The insomniac may come to dread the night’s solitude, but the next day poses the greater challenge. That’s when you are obliged to walk among the rested population and pass for one of them, when in truth most interactions are conducted in a state of self-doubting confusion; when harnessing one’s thoughts is like grabbing at shadows; the right words, if found, won’t cohere into fluent sentences; and dark intrusions from the subconscious flicker up and distract from whichever simple task you’re attempting to complete.
The novelist Samantha Harvey’s first memoir examines a year spent in this condition. It is littered with sharp insights expressed in exquisitely lucid prose but is as amorphous as its title suggests — which is fitting, given how sleep-deprivation distorts our mental framework, revealing the flimsiness of the cognitive structures built by the dormant mind.
Describing a period when she often remained awake for days, she seeks the causes and, where possible, their remedies.

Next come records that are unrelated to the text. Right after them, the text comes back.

Lemma heap_op_no_sibling (o : op) (h h' : bt) (c : nat) :
  no_sibling h -> heap_op o h = Some (h', c) ->
  no_sibling h' /\ (bsize h' <= bsize h + 1)%nat /\ (bsize h <= bsize h' + 1)%nat.
Proof.
  intros Hh Hop. assert (Hroot : forall k l, no_sibling (Node k l Leaf)) by reflexivity.
  destruct o as [k| | |p y]; cbn [heap_op] in Hop.
  - destruct (heap_op_Insert k h) as (c' & _ & Hins).
    cbn [heap_op] in Hins. rewrite Hins in Hop. injection Hop as <- _.
    rewrite bsize_link by auto. simpl. auto using no_sibling_link with arith.
  - destruct h; [discriminate|]. injection Hop as <- _. split; [exact Hh | lia].
  - destruct h as [|kh l r]; [discriminate|]. cbn [no_sibling] in Hh. subst r.
    destruct (siblings_no_sibling l) as [Hall Hsize].
    destruct (pass1_no_sibling _ Hall) as [Hall1 Hsize1].
    destruct (pass1 (siblings l)) as [s c1]; cbn [fst] in *.
    destruct (pass2_no_sibling _ Hall1) as [Ht Hsize2].
    destruct (pass2 s) as [t c2]; cbn [fst] in *. injection Hop as <- _.
    simpl. split; [auto | lia].
  - destruct (subt h p) as [|k l r] eqn:Hsub; [discriminate|].
    destruct (Rlt_dec y k); [|discriminate].
    destruct p as [|b p].
    + injection Hop as <- _. destruct h; cbn [subt] in Hsub; [discriminate|].
      injection Hsub as -> -> ->. simpl; auto with arith.
    + injection Hop as <- _. pose proof (bsize_repl_subt _ _ _ _ _ Hsub) as Hsize.
      assert (Hrepl : no_sibling (repl h (b :: p) r)).
      { destruct h as [|kh lh rh]; [rewrite subt_Leaf in Hsub; discriminate|].
        cbn [no_sibling] in Hh. subst rh. destruct b; [|reflexivity].
        (* a path turning right at the root runs into [Leaf] *)
        change (subt Leaf p = Node k l r) in Hsub. rewrite subt_Leaf in Hsub. discriminate. }
      rewrite bsize_link by auto. simpl. split; [auto using no_sibling_link | lia].
Qed.

Definition sticky_inv (N n : nat) : Prop :=
  (1 <= N)%nat /\ (n < 2 * N)%nat /\ (N = 1%nat \/ (N < 2 * n)%nat).

Lemma sticky_inv_step (N n n' : nat) : sticky_inv N n ->
  (n' <= n + 1)%nat -> (n <= n' + 1)%nat -> sticky_inv (sticky N n') n'.
Proof.
  unfold sticky_inv, sticky. intros (HN & Hlt & Hgt) Hup Hdown.
  pose proof (Nat.div_mod_eq N 2). pose proof (Nat.mod_upper_bound N 2).
  destruct (Nat.leb_spec (2 * N) n'), (Nat.leb_spec (2 * n') N), (Nat.leb_spec 2 N);
    cbn [andb]; lia.
Qed.

Lemma reachable_inv (s : state) : reachable s ->
  sticky_inv (fst s) (bsize (snd s)) /\ no_sibling (snd s).
Proof.
  induction 1 as [|[N h] s' o c _ [Hinv Hh] Hrun].
  - unfold sticky_inv. simpl. auto with arith.
  - unfold run in Hrun. cbn [fst snd] in *.
    destruct (heap_op o h) as [[h' c']|] eqn:Hop; [|discriminate].
    injection Hrun as <- _.
    destruct (heap_op_no_sibling _ _ _ _ Hh Hop) as (Hh' & Hup & Hdown).
    split; [apply sticky_inv_step with (n := bsize h) | ]; assumption.
Qed.

Lemma sticky_succ (N n : nat) : sticky_inv N n ->
  sticky N (S n) = N \/ (sticky N (S n) = (2 * N)%nat /\ S n = (2 * N)%nat).
Proof.
  unfold sticky_inv, sticky. intros (HN & Hlt & Hgt).
  destruct (Nat.leb_spec (2 * N) (S n)), (Nat.leb_spec (2 * S n) N), (Nat.leb_spec 2 N);
    cbn [andb]; lia.
Qed.

Lemma Phi_succ_le (N : nat) (t t' : bt) : sticky_inv N (bsize t) ->
  bsize t' = S (bsize t) ->
  (forall L, 0 <= L -> pot L t' <= pot L t + 800) ->
  Phi (sticky N (bsize t'), t') <= Phi (N, t) + 1700.
Proof.
  intros Hinv Hsize Hpot. unfold Phi; cbn [fst snd]. rewrite Hsize.
  set (n := bsize t) in *.
  assert (HL : 0 <= lg (INR N)) by (apply lg_INR_nonneg, Hinv).
  pose proof (Hpot _ HL) as Hpot'.
  assert (HN : 1 <= INR N) by (apply (le_INR 1), Hinv).
  destruct (sticky_succ N n Hinv) as [-> | [-> Hdouble]].
  - rewrite S_INR. unfold Rabs. destruct (Rcase_abs _), (Rcase_abs _); lra.
  - rewrite Hdouble, Rminus_diag, Rabs_R0.
    assert (H2N : INR (2 * N) = 2 * INR N) by (rewrite mult_INR; simpl; ring).
    set (L' := lg (INR (2 * N))).
    assert (HL' : lg (INR N) <= L') by (apply lg_le_compat; lra).
    pose proof (pot_lgN_increase_le _ _ t' HL HL') as Hshift.
    rewrite Hsize, Hdouble, H2N in Hshift.
    apply (f_equal INR) in Hdouble. rewrite S_INR, H2N in Hdouble.
    pose proof (Rle_abs (INR n - INR N)) as Habs. rewrite Rabs_minus_sym in Habs.
    lra.
Qed.

Theorem lemma2 :
  exists C : R, forall (s : state) (k a : R),
    reachable s -> amortized (Insert k) s = Some a -> a <= C.
Proof.
  exists 1702. intros [N h] k a Hreach Ha.
  destruct (reachable_inv _ Hreach) as [Hinv Hh]; cbn [fst snd] in *.
  destruct (heap_op_Insert k h) as (c & Hc & Hop).
  unfold amortized, run in Ha. cbn [snd] in Ha. rewrite Hop in Ha.
  injection Ha as <-.
  assert (Hsize : bsize (link h (Node k Leaf Leaf)) = S (bsize h)).
  { rewrite bsize_link by (assumption || reflexivity). simpl. lia. }
  pose proof (Phi_succ_le N h _ Hinv Hsize
    (fun L HL => pot_link_singleton_le L k h HL Hh)) as HPhi.
  apply le_INR in Hc. simpl INR in Hc. lra.
Qed.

The death of a cousin, inner conflict over not having had children — a sadness, and yet she wouldn’t ‘want to make and love something that will die’ — and the EU referendum result: all precipitated her crisis, and (probably) all are irreversible.
But underlying issues might prove tameable, namely an anxious disposition stemming from childhood experiences, lingering resentment towards her father and a nagging scepticism about meaning and reality. ‘The problem with beginning to wonder if everything is a dream or simulation or illusion is that there’s no proof either way,’ she writes. ‘There’s nothing in the world or in your own body, mind or brain that you can point to as proof it isn’t. In this sense, it’s anxiety’s jackpot.’
These are anxious times. Recent years have brought greater honesty about the diverse ways our minds can debilitate us, and this book is timely in analysing a condition that defines our age.